◆ What to produce:
The line with "snd (nth i l (true, gone)) <>", the line with "1 <= length ds -> lt_ext (length ds) n ->", and all lines between them in the material below: return these exactly, and no others.
---
Definition semi_full {A : nuring} (R P Q : A -> Prop) (psi : A -> A -> A)
  (c : rep A) (GB : Z -> rB c -> Prop) : Prop :=
  forall (k : nat) (b : rB c),
    prodset (GB (- Z.of_nat k)) (GB (Z.of_nat k)) b <->
    idealgen (GB 0) (gensI R P Q psi c k) b.

Definition rep_morphism {A : nuring} (R P Q : A -> Prop) (c d : rep A)
  (f : rB c -> rB d) : Prop :=
  ringhom f /\
  (forall p, P p -> f (rS c p) = rS d p) /\
  (forall q, Q q -> f (rT c q) = rT d q) /\
  (forall r, R r -> f (rsig c r) = rsig d r).

Definition rep_iso {A : nuring} (R P Q : A -> Prop) (c d : rep A) : Prop :=
  exists (f : rB c -> rB d) (g : rB d -> rB c),
    rep_morphism R P Q c d f /\ rep_morphism R P Q d c g /\
    (forall x, g (f x) = x) /\ (forall y, f (g y) = y).

Definition is_toeplitz {A : nuring} (R P Q : A -> Prop) (psi : A -> A -> A)
  (t : rep A) : Prop :=
  is_covrep R P Q psi t /\
  forall d : rep A, is_covrep R P Q psi d ->
    (exists f, rep_morphism R P Q t d f) /\
    (forall f g, rep_morphism R P Q t d f -> rep_morphism R P Q t d g ->
                 forall x, f x = g x).

(* the grading of the Toeplitz ring: T_i is generated additively by
   iota_Q^m(q) iota_P^n(p) and iota_R(r) iota_Q^m(q) iota_P^n(p),
   q in Q^{(x)m}, p in P^{(x)n}, m - n = i (elementary tensors;
   iota_Q^0 = iota_P^0 = iota_R on Q^{(x)0} = P^{(x)0} = R). *)
Definition toep_Qpart {A : nuring} (R Q : A -> Prop) (t : rep A) (m : nat)
  (u : rB t) : Prop :=
  (m = 0%nat /\ exists r, R r /\ u = rsig t r) \/
  ((0 < m)%nat /\ exists xs, length xs = m /\ Forall Q xs /\
     u = rprodne (map (rT t) xs)).
Definition toep_Ppart {A : nuring} (R P : A -> Prop) (t : rep A) (n : nat)
  (v : rB t) : Prop :=
  (n = 0%nat /\ exists r, R r /\ v = rsig t r) \/
  ((0 < n)%nat /\ exists ps, length ps = n /\ Forall P ps /\
     v = rprodne (map (rS t) ps)).
Definition toep_grading {A : nuring} (R P Q : A -> Prop) (t : rep A)
  (i : Z) : rB t -> Prop :=
  addgen (fun b => exists (m n : nat) u v,
     Z.of_nat m - Z.of_nat n = i /\ toep_Qpart R Q t m u /\ toep_Ppart R P t n v /\
     (b = rmul u v \/ exists r, R r /\ b = rmul (rsig t r) (rmul u v))).

Definition is_ideal_of {A : nuring} (R J : A -> Prop) : Prop :=
  (forall x, J x -> R x) /\ is_addsubgroup J /\
  (forall r x, R r -> J x -> J (rmul r x) /\ J (rmul x r)).
(* Let $G=A\star_C B$ be an amalgamated free product and let $g=x_{-r}x_{-r+1}\cdots x_0\cdots x_{r-1}x_r$ be a reduced word in $G$ with $r\ge1$, where $x_i\in A\setminus C$ for all $i\equiv r\pmod 2$ and $x_i\in B\setminus C$ otherwise. Suppose $x_{-r}$ and $x_r$ are both $2$-RF rel $C$ (in $A$), and $x_0$ is $n$-RTF rel $C$ (in its factor) for some $2\le n\le\infty$. Then $g\in G\setminus B$ is $n$-RF rel $B$.
   Context: For a group $G$, subgroup $D$, and $2\le n\le\infty$: $a\in G\setminus D$ is $n$-RF rel $D$ if $a^{e_1}d_1\cdots a^{e_k}d_k\ne\mathrm{id}$ for all $k\ge1$, $e_i\in\{\pm1\}$, $d_i\in D$ such that $d_i\ne\mathrm{id}$ whenever $e_i=-e_{i+1}$ (indices mod $k$), and fewer than $n$ of the $e_i$ are $+1$ and fewer than $n$ are $-1$. $a\in G\setminus D$ is $n$-RTF rel $D$ if $ad_1ad_2\cdots ad_k\ne\mathrm{id}$ for all $d_i\in D$ and $1\le k<n$. *)

From Stdlib Require Import List Arith Lia.
Import ListNotations.
Set Implicit Arguments.

Record group := Group {
  gcar :> Type;
  gmul : gcar -> gcar -> gcar;
  ginv : gcar -> gcar;
  gone : gcar;
  gmulA : forall x y z, gmul x (gmul y z) = gmul (gmul x y) z;
  gmul1 : forall x, gmul gone x = x;
  gmulV : forall x, gmul (ginv x) x = gone
}.

Arguments gmul {g}. Arguments ginv {g}. Arguments gone {g}.

Definition is_subgroup {G : group} (H : G -> Prop) : Prop :=
  H gone /\ (forall x y, H x -> H y -> H (gmul x y)) /\ (forall x, H x -> H (ginv x)).

Definition gprod {G : group} (s : list G) : G := fold_right gmul gone s.

(** G is the (internal) amalgamated free product A *_C B:
    A, B, C subgroups, C = A ∩ B, G generated by A ∪ B, and every nonempty
    reduced word (alternating between A\C and B\C) is nontrivial. *)
Definition reduced_word {G : group} (A B C : G -> Prop) (s : list G) : Prop :=
  (forall i, i < length s ->
     (A (nth i s gone) /\ ~ C (nth i s gone)) \/ (B (nth i s gone) /\ ~ C (nth i s gone))) /\
  (forall i, S i < length s ->
     (A (nth i s gone) <-> ~ A (nth (S i) s gone))).

Definition amalgamated_free_product {G : group} (A B C : G -> Prop) : Prop :=
  is_subgroup A /\ is_subgroup B /\ is_subgroup C /\
  (forall x, C x <-> (A x /\ B x)) /\
  (forall g : G, exists s : list G, (forall x, In x s -> A x \/ B x) /\ g = gprod s) /\
  (forall s : list G, s <> [] -> reduced_word A B C s -> gprod s <> gone).

(** Extended naturals: [None] stands for infinity. *)
Definition lt_ext (k : nat) (n : option nat) : Prop :=
  match n with None => True | Some m => k < m end.
Definition le_ext (k : nat) (n : option nat) : Prop :=
  match n with None => True | Some m => k <= m end.

Definition gpow_sign {G : group} (a : G) (e : bool) : G := if e then a else ginv a.

(** a^{e_1} d_1 ... a^{e_k} d_k, where l = [(e_1,d_1); ...; (e_k,d_k)],
    e_i = true meaning +1 and false meaning -1. *)
Definition rf_word {G : group} (a : G) (l : list (bool * G)) : G :=
  fold_right (fun p acc => gmul (gmul (gpow_sign a (fst p)) (snd p)) acc) gone l.

Definition n_RF {G : group} (n : option nat) (D : G -> Prop) (a : G) : Prop :=
  ~ D a /\
  forall l : list (bool * G),
    1 <= length l ->
    (forall i, i < length l -> D (snd (nth i l (true, gone)))) ->
    (forall i, i < length l ->
        fst (nth i l (true, gone)) = negb (fst (nth ((S i) mod length l) l (true, gone))) ->
        snd (nth i l (true, gone)) <> gone) ->
    lt_ext (length (filter (fun p => fst p) l)) n ->
    lt_ext (length (filter (fun p => negb (fst p)) l)) n ->
    rf_word a l <> gone.

Definition n_RTF {G : group} (n : option nat) (D : G -> Prop) (a : G) : Prop :=
  ~ D a /\
  forall ds : list G,
    1 <= length ds -> lt_ext (length ds) n ->
    (forall d, In d ds -> D d) ->
    fold_right (fun d acc => gmul (gmul a d) acc) gone ds <> gone.

(* Write g = L x_0 R with L = x_{-r} ... x_{-1} and R = x_1 ... x_r.  Conjugating a
   cyclic word g^{e_1} b_1 ... g^{e_k} b_k by L or R^-1 regroups it as
   x_0^{e_1} J_1 ... x_0^{e_k} J_k, where the junction J_i is b_i wrapped between R or
   L^-1 on the left and L or R^-1 on the right.  Cancelling from the inside out, each
   junction lies in C or is "long": it has a reduced form beginning and ending in the
   factor not containing x_0.  At a sign change the innermost layer is x_r b x_r^-1 or
   x_{-r}^-1 b x_{-r} with b <> 1, which 2-RF keeps out of C, so the junction is long.
   Between long junctions, equal signs are glued by elements of C into runs
   x_0^e c_1 x_0^e ... c_m x_0^e with m < n, which lie outside C by n-RTF.  Rotating the
   cyclic word to end at a long junction therefore yields a nonempty reduced word; if
   no junction is long, all signs agree and the word is nontrivial by n-RTF itself. *)

From Stdlib Require Import List Arith Lia Bool Classical.
Import ListNotations.
Set Implicit Arguments.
---
◆ Response:
        snd (nth i l (true, gone)) <> gone) ->
    lt_ext (length (filter (fun p => fst p) l)) n ->
    lt_ext (length (filter (fun p => negb (fst p)) l)) n ->
    rf_word a l <> gone.

Definition n_RTF {G : group} (n : option nat) (D : G -> Prop) (a : G) : Prop :=
  ~ D a /\
  forall ds : list G,
    1 <= length ds -> lt_ext (length ds) n ->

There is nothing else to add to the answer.